Tuesday, November 27, 2012


Indical Learning

Thomas Fuller (1608-1661), The History of the Worthies of England, new ed., Vol. II (London: Printed for Thomas Tegg, 1840) p. 460 (on Alan of Lynn):
Great his diligence in reading many and voluminous authors; and no less his desire that others with him should reap the fruit of his industry, to which end he made indexes of the many writers he perused.

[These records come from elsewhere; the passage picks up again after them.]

Lemma ler_sqrtC_of_sqr (C : numClosedFieldType) (t a q n m : C) :
  0 <= t -> 0 <= a -> 0 <= q -> 0 <= n -> 0 <= m ->
  t ^+ 2 <= a * (q * n ^+ 2 + m ^+ 2) -> t <= sqrtC a * (n * sqrtC q + m).
Proof.
move=> t0 a0 q0 n0 m0 t_le.
have rhs_ge0 : 0 <= sqrtC a * (n * sqrtC q + m).
  by rewrite mulr_ge0 ?addr_ge0 ?mulr_ge0 ?sqrtC_ge0.
rewrite -(@ler_pXn2r _ 2) ?nnegrE //; apply: le_trans t_le _.
rewrite exprMn sqrtCK ler_wpM2l // sqrrD exprMn sqrtCK mulrC -addrA lerD2l lerDr.
by rewrite mulrn_wge0 // !mulr_ge0 ?sqrtC_ge0.
Qed.

Lemma card_set_sum (T : finType) (P : pred T) : #|[set u | P u]| = (\sum_u P u)%N.
Proof. by rewrite -sum1_card big_mkcond; apply: eq_bigr => u _; rewrite inE. Qed.

Lemma sum_pair (T1 T2 : finType) (F : T1 * T2 -> nat) :
  (\sum_u F u = \sum_a \sum_b F (a, b))%N.
Proof. by rewrite pair_bigA; apply: eq_bigr => -[]. Qed.

Lemma sum_eq_mul_eq (T : finType) (s t : T) :
  (\sum_w ((s == w) * (t == w)) = (s == t))%N.
Proof.
rewrite (bigD1 s) //= eqxx mul1n big1 ?addn0 1?eq_sym // => w.
by rewrite eq_sym => /negbTE->.
Qed.

Section AdditiveEnergy.
Variable V : finZmodType.
Implicit Types X Y : {set V}.

Definition mixed_energy X Y : nat :=
  #|[set u : (V * V) * (V * V) |
      [&& u.1.1 \in X, u.1.2 \in Y, u.2.1 \in X, u.2.2 \in Y &
          u.1.1 + u.1.2 == u.2.1 + u.2.2]]|.

Definition diff_count X (w : V) : nat :=
  #|[set u : V * V | [&& u.1 \in X, u.2 \in X & u.1 - u.2 == w]]|.

Lemma mixed_energy_diff_count X Y :
  mixed_energy X Y = (\sum_w diff_count X w * diff_count Y w)%N.
Proof.
have split_eq (a b : bool) (s w : V) :
    [&& a, b & s == w] = ((a && b) * (s == w))%N :> nat by rewrite mulnb andbA.
have fiberE x y x' y' :
    [&& x \in X, y \in Y, x' \in X, y' \in Y & x + y == x' + y'] =
    (\sum_w [&& x \in X, x' \in X & (x - x')%R == w] *
            [&& y' \in Y, y \in Y & (y' - y)%R == w])%N :> nat.
  under eq_bigr do rewrite !split_eq mulnACA.
  rewrite -big_distrr /= sum_eq_mul_eq !mulnb.
  have -> : (x - x' == y' - y) = (x + y == x' + y').
    by rewrite -subr_eq0 -[RHS]subr_eq0 opprB opprD addrACA.
  by case: (x \in X); case: (y \in Y); case: (x' \in X); case: (y' \in Y).
rewrite /mixed_energy card_set_sum !sum_pair.
under eq_bigr do under eq_bigr do rewrite sum_pair /=.
under eq_bigr do under eq_bigr do under eq_bigr do under eq_bigr do rewrite fiberE.
(* Reorder the summation variables from x y x' y' w to w x x' y' y. *)
under eq_bigr do under eq_bigr do under eq_bigr do rewrite exchange_big.
under eq_bigr do under eq_bigr do rewrite exchange_big.
under eq_bigr do rewrite exchange_big.
rewrite exchange_big; apply: eq_bigr => w _.
under eq_bigr do rewrite exchange_big.
under eq_bigr do under eq_bigr do rewrite exchange_big.
rewrite /diff_count !card_set_sum !sum_pair big_distrl; apply: eq_bigr => x _.
rewrite big_distrl; apply: eq_bigr => x' _.
rewrite big_distrr; apply: eq_bigr => y' _.
by rewrite big_distrr.
Qed.

Lemma mixed_energy_sq_le X Y :
  (mixed_energy X Y ^ 2 <= mixed_energy X X * mixed_energy Y Y)%N.
Proof.
rewrite !mixed_energy_diff_count -(ler_nat int) natrX natrM !natr_sum.
under eq_bigr do rewrite natrM.
under [X in _ <= X * _]eq_bigr do rewrite natrM.
under [X in _ <= _ * X]eq_bigr do rewrite natrM.
exact: sum_mul_sqr_le (fun _ => realn _ _) (fun _ => realn _ _).
Qed.

End AdditiveEnergy.

Section FieldEnergy.
Variable F : finFieldType.

Lemma energyE (U : {set F}) : energy U = mixed_energy U U.
Proof. by []. Qed.

Lemma mixed_energy_le_sqrtC (X Y : {set F}) :
  (mixed_energy X Y)%:R <= sqrtC (energy X)%:R * sqrtC (energy Y)%:R :> algC.
Proof.
rewrite -sqrtCM ?nnegrE // -natrM -(@ler_pXn2r _ 2) ?nnegrE ?sqrtC_ge0 //.
by rewrite sqrtCK -natrX ler_nat !energyE mixed_energy_sq_le.
Qed.

Lemma mem_set_inv (U : {set F}) u : (u \in set_inv U) = (u^-1 \in U).
Proof.
apply/imsetP/idP => [[v vU ->]|u'U]; first by rewrite invrK.
by exists u^-1; rewrite ?invrK.
Qed.

Definition inv_sum (x : F * F) : F := x.1^-1 + x.2^-1.

Lemma inv_sum_coincidences (B C : {set F}) :
  (\sum_(x in setX B C) \sum_(y in setX B C) (inv_sum x == inv_sum y))%N =
  mixed_energy (set_inv B) (set_inv C).
Proof.
pose inv4 (u : (F * F) * (F * F)) := ((u.1.1^-1, u.1.2^-1), (u.2.1^-1, u.2.2^-1)).
have inv4K : involutive inv4 by move=> [[? ?] [? ?]]; rewrite /inv4 /= !invrK.
rewrite /mixed_energy -(card_imset _ (inv_inj inv4K)) (can_imset_pre _ inv4K).
rewrite card_set_sum pair_big big_mkcond /=; apply: eq_bigr => -[[b c] [b' c']] _.
rewrite !inE /= !mem_set_inv /inv_sum /= !invrK.
by case: (b \in B); case: (c \in C); case: (b' \in B); case: (c' \in C).
Qed.

End FieldEnergy.

Section MultiplicativeCharacter.
Variables (F : finFieldType) (chi : F -> algC).
Hypothesis chi_mult : mult_char chi.

Lemma char0 : chi 0 = 0. Proof. by case: chi_mult. Qed.
Lemma char1 : chi 1 = 1. Proof. by case: chi_mult. Qed.
Lemma charM x y : chi (x * y) = chi x * chi y. Proof. by case: chi_mult. Qed.

Lemma charX x n : chi (x ^+ n) = chi x ^+ n.
Proof. by elim: n => [|n IHn]; rewrite ?expr0 ?char1 // !exprS charM IHn. Qed.

Lemma char_neq0 x : x != 0 -> chi x != 0.
Proof.
move=> x_neq0; apply: contra_neq (oner_neq0 algC) => chi_x0.
by rewrite -char1 -(mulfV x_neq0) charM chi_x0 mul0r.
Qed.

Lemma charV x : x != 0 -> chi x^-1 = (chi x)^-1.
Proof. by move=> x_neq0; apply/esym/mulr1_eq; rewrite -charM mulfV ?char1. Qed.

Lemma norm_char x : x != 0 -> `|chi x| = 1.
Proof.
move=> x_neq0; have q_gt1 := finNzRing_gt1 F.
have q1_gt0 : (0 < #|F|.-1)%N by rewrite -ltnS prednK // ltnW.
have chi_unity : chi x ^+ #|F|.-1 = 1.
  apply: (mulfI (char_neq0 x_neq0)).
  by rewrite mulr1 -exprS prednK ?(ltnW q_gt1) // -charX expf_card.
by apply/eqP; rewrite -(pexpr_eq1 q1_gt0 (normr_ge0 _)) -normrX chi_unity normr1.
Qed.

Lemma norm_char_le1 x : `|chi x| <= 1.
Proof.
have [->|x_neq0] := eqVneq x 0; last by rewrite norm_char.
by rewrite char0 normr0 ler01.
Qed.

Lemma conj_char x : (chi x)^* = chi x^-1.
Proof.
have [->|x_neq0] := eqVneq x 0; first by rewrite invr0 char0 conjC0.
by rewrite charV // invC_norm norm_char // expr1n invr1 mul1r.
Qed.

Lemma norm_sum_char_corr_le (f g : F -> F) :
  `|\sum_a chi (f a) * (chi (g a))^*| <= #|F|%:R.
Proof.
rewrite -sum1_card natr_sum; apply: le_trans (ler_norm_sum _ _ _) _.
apply: ler_sum => a _; rewrite normrM norm_conjC.
by apply: mulr_ile1; rewrite ?normr_ge0 ?norm_char_le1.
Qed.

Hypothesis chi_nontrivial : nontrivial_char chi.

Lemma sum_char : \sum_x chi x = 0.
Proof.
have [y [y_neq0 chi_y_neq1]] := chi_nontrivial.
have : chi y * \sum_x chi x = \sum_x chi x.
  rewrite mulr_sumr [RHS](reindex_inj (mulfI y_neq0)) /=.
  by apply: eq_bigr => x _; rewrite charM.
move/eqP; rewrite -subr_eq0 -{2}(mul1r (\sum_x chi x)) -mulrBl mulf_eq0.
by rewrite subr_eq0 (negPf chi_y_neq1) => /eqP.
Qed.

Lemma sum_char_affine s t : s != 0 -> \sum_a chi (a * s + t) = 0.
Proof.
move=> s_neq0; have inj_affine : injective (fun a => a * s + t).
  by move=> a b /addIr /(mulIf s_neq0).
by rewrite -[RHS]sum_char [RHS](reindex_inj inj_affine).
Qed.

Lemma sum_char_shift_corr t t' :
  t != t' -> \sum_a chi (a + t) * (chi (a + t'))^* = -1.
Proof.
move=> neq_tt'; set d := t - t'; have d_neq0 : d != 0 by rewrite subr_eq0.
have inj_shift : injective (fun a => a - t') by move=> a b /addIr.
have inj_scale : injective (fun a : F => d * a^-1).
  by move=> a b /(mulfI d_neq0)/invr_inj.
rewrite (reindex_inj inj_shift) /=.
have termE a :
    chi (a - t' + t) * (chi (a - t' + t'))^* = chi (d * a^-1 + 1) - (a == 0)%:R.
  rewrite subrK conj_char -charM.
  have [->|a_neq0] := eqVneq a 0.
    by rewrite !(invr0, mulr0, add0r, char0, char1, subrr).
  by rewrite subr0; congr chi; rewrite /d; field.
rewrite (eq_bigr _ (fun a _ => termE a)) sumrB (reindex_inj inj_scale) /=.
under eq_bigr do rewrite invfM invrK mulrA mulfV // mul1r -[a in chi (a + 1)]mulr1.
rewrite sum_char_affine ?oner_neq0 // sub0r (bigD1 0) //= eqxx big1 ?addr0 // => a.
by move/negPf->.
Qed.

Lemma norm_sum_char_affine_corr_le1 s p s' p' :
  p != 0 -> p' != 0 -> s / p != s' / p' ->
  `|\sum_a chi (a * s + p) * (chi (a * s' + p'))^*| <= 1.
Proof.
move=> p_neq0 p'_neq0.
have [->|s_neq0] := eqVneq s 0; have [->|s'_neq0] := eqVneq s' 0 => neq_ratio.
- by rewrite !mul0r eqxx in neq_ratio.
- under eq_bigr do rewrite mulr0 add0r.
  by rewrite -mulr_sumr -rmorph_sum sum_char_affine // rmorph0 mulr0 normr0 ler01.
- under eq_bigr do rewrite mulr0 add0r.
  by rewrite -mulr_suml sum_char_affine // mul0r normr0 ler01.
have factorE a u v : u != 0 -> chi (a * u + v) = chi u * chi (a + v / u).
  by move=> u_neq0; rewrite -charM; congr chi; field.
under eq_bigr do rewrite (factorE _ _ _ s_neq0) (factorE _ _ _ s'_neq0) rmorphM /= mulrACA.
have neq_shift : p / s != p' / s'.
  by apply: contra neq_ratio => /eqP eq_shift; rewrite -invf_div eq_shift invf_div.
rewrite -mulr_sumr sum_char_shift_corr // normrM normrN normr1 mulr1.
by rewrite normrM norm_conjC !norm_char // mulr1.
Qed.

Definition e2 (a : F) (x : F * F) : F := a * x.1 + a * x.2 + x.1 * x.2.

Definition Tchi_at (B C : {set F}) (a : F) : algC := \sum_(x in setX B C) chi (e2 a x).

Lemma Tchi_at_sum (A B C : {set F}) : Tchi chi A B C = \sum_(a in A) Tchi_at B C a.
Proof.
apply: eq_bigr => a _; rewrite /Tchi_at pair_big_dep /=.
by apply: eq_bigl => -[b c]; rewrite in_setX.
Qed.

Lemma sum_sqr_Tchi_at (B C : {set F}) :
  \sum_a `|Tchi_at B C a| ^+ 2 =
  \sum_(x in setX B C) \sum_(y in setX B C) \sum_a chi (e2 a x) * (chi (e2 a y))^*.
Proof.
under eq_bigr do rewrite normCK /Tchi_at rmorph_sum mulr_suml.
under eq_bigr do under eq_bigr do rewrite mulr_sumr.
by rewrite exchange_big; apply: eq_bigr => x _; rewrite exchange_big.
Qed.

Lemma norm_corr_e2_le x y :
  x.1 != 0 -> x.2 != 0 -> y.1 != 0 -> y.2 != 0 ->
  `|\sum_a chi (e2 a x) * (chi (e2 a y))^*| <=
    #|F|%:R * (inv_sum x == inv_sum y)%:R + 1.
Proof.
case: x y => [b c] [b' c'] /= b_neq0 c_neq0 b'_neq0 c'_neq0.
have [_|neq_inv_sum] := eqVneq (inv_sum (b, c)) (inv_sum (b', c')).
  by rewrite mulr1 (le_trans (norm_sum_char_corr_le _ _)) // lerDl ler01.
have e2E a u v : e2 a (u, v) = a * (u + v) + u * v by rewrite /e2 mulrDr.
have inv_sumE u v : u != 0 -> v != 0 -> inv_sum (u, v) = (u + v) / (u * v).
  by move=> u_neq0 v_neq0; rewrite /inv_sum /=; field; rewrite u_neq0 v_neq0.
rewrite mulr0 add0r; under eq_bigr do rewrite !e2E.
by apply: norm_sum_char_affine_corr_le1; rewrite ?mulf_neq0 // -!inv_sumE.
Qed.

Lemma sum_sqr_Tchi_at_le (B C : {set F}) : 0 \notin B -> 0 \notin C ->
  \sum_a `|Tchi_at B C a| ^+ 2 <=
    #|F|%:R * (mixed_energy (set_inv B) (set_inv C))%:R + (#|B|%:R * #|C|%:R) ^+ 2.
Proof.
move=> B0 C0; have neq0 (U : {set F}) u : u \in U -> 0 \notin U -> u != 0.
  by move=> uU; apply: contraNneq => <-.
have coincidencesE : \sum_(x in setX B C) \sum_(y in setX B C)
    (#|F|%:R * (inv_sum x == inv_sum y)%:R) =
    #|F|%:R * (mixed_energy (set_inv B) (set_inv C))%:R :> algC.
  rewrite -inv_sum_coincidences natr_sum mulr_sumr; apply: eq_bigr => x _.
  by rewrite natr_sum mulr_sumr.
have pairsE : \sum_(x in setX B C) \sum_(y in setX B C) 1 =
    (#|B|%:R * #|C|%:R) ^+ 2 :> algC.
  by rewrite !sumr_const cardsX -mulrnA !natrM expr2.
have sum_ge0 : 0 <= \sum_a `|Tchi_at B C a| ^+ 2.
  by apply: sumr_ge0 => a _; rewrite exprn_ge0.
rewrite -(ger0_norm sum_ge0) sum_sqr_Tchi_at -coincidencesE -pairsE -big_split /=.
apply: le_trans (ler_norm_sum _ _ _) _; apply: ler_sum => -[b c].
rewrite in_setX => /andP[bB cC]; rewrite -big_split /=.
apply: le_trans (ler_norm_sum _ _ _) _; apply: ler_sum => -[b' c'].
rewrite in_setX => /andP[b'B c'C].
exact: (norm_corr_e2_le (x := (b, c)) (y := (b', c'))
  (neq0 _ _ bB B0) (neq0 _ _ cC C0) (neq0 _ _ b'B B0) (neq0 _ _ c'C C0)).
Qed.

An Index is a necessary implement, and no impediment, of a book, except in the same sense wherein the carriages of an army are termed impedimenta. Without this, a large author is but a labyrinth without a clue to direct the reader therein. I confess there is a lazy kind of learning which is only indical; when scholars (like adders which only bite the horse heels) nibble but at the tables, which are calces librorum, neglecting the body of the book. But though the idle deserve no crutches (let not a staff be used by them, but on them;) pity it is the weary should be denied the benefit thereof, and industrious scholars prohibited the accommodation of an index, most used by those who most pretend to contemn it.

Claude Raguet Hirst, The Bookworm's Table

Dear Mike,

I can't resist pointing out that Fuller's Worthies itself has no index. This want was only supplied after the author's death, with a 12-page An Alphabetical Index to Fuller's Worthies of England (London, 1737).